General Motors reached a pioneering deal with the UAW union that will force almost 400 workers out of a "jobs bank" program that guarantees nearly full wages and benefits when the automaker eliminates work or closes factories.
Under the deal, about 400 GM workers with specialized jobs in Flint and Lansing, Mich., will have to accept buyout or early retirement offers or accept other positions with the automaker, GM said today.
GM and its Detroit-based rivals, Ford Motor Co. and the soon-to-be private Chrysler group, all face a crucial round of contract talks with the UAW this summer to replace a four-year deal on wages and benefits that expires in September.
The "jobs bank" program, which the automakers and the union created in the 1980s, is expected to be one of the hot-button issues up for discussion.
GM and other automakers had intended the work guarantee to yield productivity gains by convincing unionized workers that their jobs would be protected even if they helped to introduce cost-saving processes and equipment.

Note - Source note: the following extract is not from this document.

(* Assume $\Lambda>0$. Let $\Omega_{\mathrm{adm}}$ be the set of initial data $V_0=(g^0,K^0,F^0,E^0,U^0,\theta^0,\rho_0,e_0)$ with $g^0$ symmetric positive definite, $K^0$ symmetric, $F^0$ antisymmetric, $E^0,U^0\in\mathbb{R}^3$, $\theta^0\in\mathbb{R}^4$, $\rho_0>0$, $e_0>0$, satisfying the constraints (C1)–(C4) at $t=0$ and $H(0)=g^{0,ij}K^0_{ij}<0$, and for $V_0\in\Omega_{\mathrm{adm}}$ let $S(V_0,\cdot):[0,\infty)\to\mathbb{R}^{31}$ denote the corresponding unique global $C^1$ solution of the evolution system (S) (with $\Theta^{00}\ge0$ along solutions). Then the Cauchy problem is well-posed in the sense of Hadamard: the map $V_0\mapsto S(V_0,\cdot)$ is continuous from $\Omega_{\mathrm{adm}}$ (with the topology induced from the finite-dimensional space of data) into $C([0,\infty);\mathbb{R}^{31})$ endowed with the topology of uniform convergence on compact subsets, i.e. generated by the seminorms $P_{[0,T]}(\varphi)=\sup_{t\in[0,T]}|\varphi(t)|_1$, $T>0$, where $|W|_1=\sum_i|W_i|$.
   Context: Setting. $G$ is a three-dimensional connected Lie group of Bianchi type I–VIII, $(e_i)_{i=1,2,3}$ a left-invariant frame with structure constants $C^k_{ij}$ defined by $[e_i,e_j]=C^k_{ij}e_k$ (so $C^k_{ij}=-C^k_{ji}$ and the Jacobi identity holds). $\Lambda\in\mathbb{R}$ is a constant. Latin indices run over $1,2,3$; repeated indices are summed. Unknowns (functions of $t$): a symmetric positive definite matrix $g=(g_{ij})$ with inverse $(g^{ij})$; a symmetric matrix $K=(K_{ij})$; an antisymmetric matrix $F=(F_{ij})$; vectors $E=(E^i)$, $u=(u^i)$; $\Theta=(\Theta^{00},\Theta^{0i})$; a function $\rho>0$; a function $e\ge0$. The state vector $(g,K,F,E,u,\Theta,\rho,e)$ is regarded as an element of $\mathbb{R}^{31}$ via the entries of all components. Derived quantities: $u^0=\sqrt{1+g_{ij}u^iu^j}$, $u_i=g_{ij}u^j$; $H=g^{ij}K_{ij}$; $K^i_j=g^{ik}K_{kj}$, $K^{ij}=g^{ik}g^{jl}K_{kl}$; $F^{ij}=g^{ik}g^{jl}F_{kl}$; $\gamma^l_{ij}=\tfrac12 g^{lk}(-C^m_{jk}g_{im}+C^m_{ki}g_{jm}+C^m_{ij}g_{km})$; $R_{ij}=\gamma^l_{lm}\gamma^m_{ji}-\gamma^m_{jl}\gamma^l_{mi}-C^l_{mj}\gamma^m_{li}$, $R=g^{ij}R_{ij}$; $\tau_{00}=\tfrac12 g_{ij}E^iE^j+\tfrac14 g^{ik}g^{jl}F_{kl}F_{ij}$, $\tau_{0j}=-E^kF_{jk}$, $\tau_{ij}=(\tfrac12 g_{ij}g_{kl}-g_{ik}g_{jl})E^kE^l-\tfrac14 g_{ij}g^{km}g^{nl}F_{kl}F_{mn}+g^{kl}F_{ik}F_{jl}$; $\Theta_{00}=\Theta^{00}$, $\Theta_{0j}=-g_{jk}\Theta^{0k}$; $T_{00}=\tfrac43\rho(u^0)^2+\Theta_{00}$, $T_{0j}=-\tfrac43\rho u^0u_j+\Theta_{0j}$, $T_{ij}=\tfrac43\rho u_iu_j+\tfrac13\rho g_{ij}$; $\nabla$ is the Levi-Civita connection of the left-invariant metric $g$, so for left-invariant tensors $\nabla_kK_{ij}=-\gamma^l_{ki}K_{lj}-\gamma^l_{kj}K_{il}$ and $\nabla^iK_{ij}=g^{ik}\nabla_kK_{ij}$. Evolution system (S) (dot $=d/dt$): $\dot g_{ij}=-2K_{ij}$; $\dot K_{ij}=R_{ij}+HK_{ij}-2K^l_jK_{il}-8\pi(\tau_{ij}+T_{ij})+4\pi(-T_{00}+g^{lm}T_{lm})g_{ij}-\Lambda g_{ij}$; $\dot F_{ij}=C^k_{ij}g_{kl}E^l$; $\dot E^i=HE^i-C^j_{jk}E^k\frac{u^i}{u^0}-C^j_{jk}g^{kl}g^{im}F_{lm}-\tfrac12 C^i_{jk}g^{jl}g^{km}F_{lm}$; $\dot u^i=2K^i_ju^j-\gamma^i_{jk}\frac{u^ju^k}{u^0}+\frac{3}{4\rho u^0}C^j_{jk}E^kE^i-\frac{3}{4\rho(u^0)^2}C^j_{jk}E^kg^{il}F_{ml}u^m$; $\dot\Theta^{00}=H\Theta^{00}-C^i_{ij}\Theta^{0j}+\tfrac13\rho H+\rho u^0$; $\dot\Theta^{0i}=H\Theta^{0i}+2K^i_j\Theta^{0j}-\tfrac{\rho}{3}(C^k_{kj}g^{ij}+\gamma^i_{jk}g^{jk})+\rho u^i$; $\dot\rho=-\big(\frac{3}{4u^0}+K_{ij}\frac{u^iu^j}{(u^0)^2}-H+C^i_{ij}\frac{u^j}{u^0}\big)\rho-\tfrac34 g_{il}C^j_{jk}E^kE^l\frac{u^i}{(u^0)^3}$; $\dot e=-\big(K_{ij}\frac{u^iu^j}{(u^0)^2}+C^i_{ik}\frac{u^k}{u^0}-H\big)e+\tfrac34 g_{ij}\frac{u^iE^j}{(u^0)^2}\frac{e^2}{\rho}$. Constraints: (C1) $R-K_{ij}K^{ij}+H^2=16\pi(\tau_{00}+T_{00})+2\Lambda$; (C2) $\nabla^iK_{ij}=-8\pi(\tau_{0j}+T_{0j})$; (C3) $C^l_{ij}F_{kl}+C^l_{jk}F_{il}+C^l_{ki}F_{jl}=0$; (C4) $C^i_{ik}E^k+eu^0=0$. Model assumption: $\Theta^{00}\ge0$. For Bianchi types I–VIII the scalar curvature satisfies $R\le0$. For $\Lambda>0$ and admissible data a unique global solution exists on $[0,\infty)$. *)

From Stdlib Require Import Reals Lra Lia.
Open Scope R_scope.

But more recently the program has been seen by some Wall Street analysts as a symbol of the entrenched costs that have contributed to the deep losses for U.S. automakers since it had effectively guaranteed pay without work for hundreds of former active workers.
GM has not disclosed how many employees it has in the bank after a program of UAW-endorsed buyouts and early retirement offers eliminated 34,410 workers from its payroll last year.
GM spokesman Dan Flores said the UAW had agreed that about 85 skilled trades workers in Flint and some 300 in Lansing could agree to a number of choices as an alternative to staying in the bank.
A skilled trades worker has a recognized specialty such as welding or machine repair under the labor contract and is eligible for a higher hourly wage than unskilled workers.
"The only option they don't have is remaining in the jobs bank," Flores said.
GM has extended the same buyout offers to the 400 workers that it offered company-wide last year, including early retirement and buyouts of up to $140,000.
In addition, the automaker has offered to place the workers in another skilled trade, retrain them for new work, allow them to work in a production job at higher wage rates or relocate to a GM factory more than 50 miles away.
If the workers opt to move, GM will pay relocation costs of up to $67,000, Flores said.
The UAW workers have 45 days to consider their options under the offer, he said.
The 85 UAW skilled trades workers in the program in Flint have been out of work since GM idled its Buick City complex in the city in the late 1990s.
In Lansing, GM idled and subsequently tore down a massive car assembly plant and replaced it with two smaller facilities.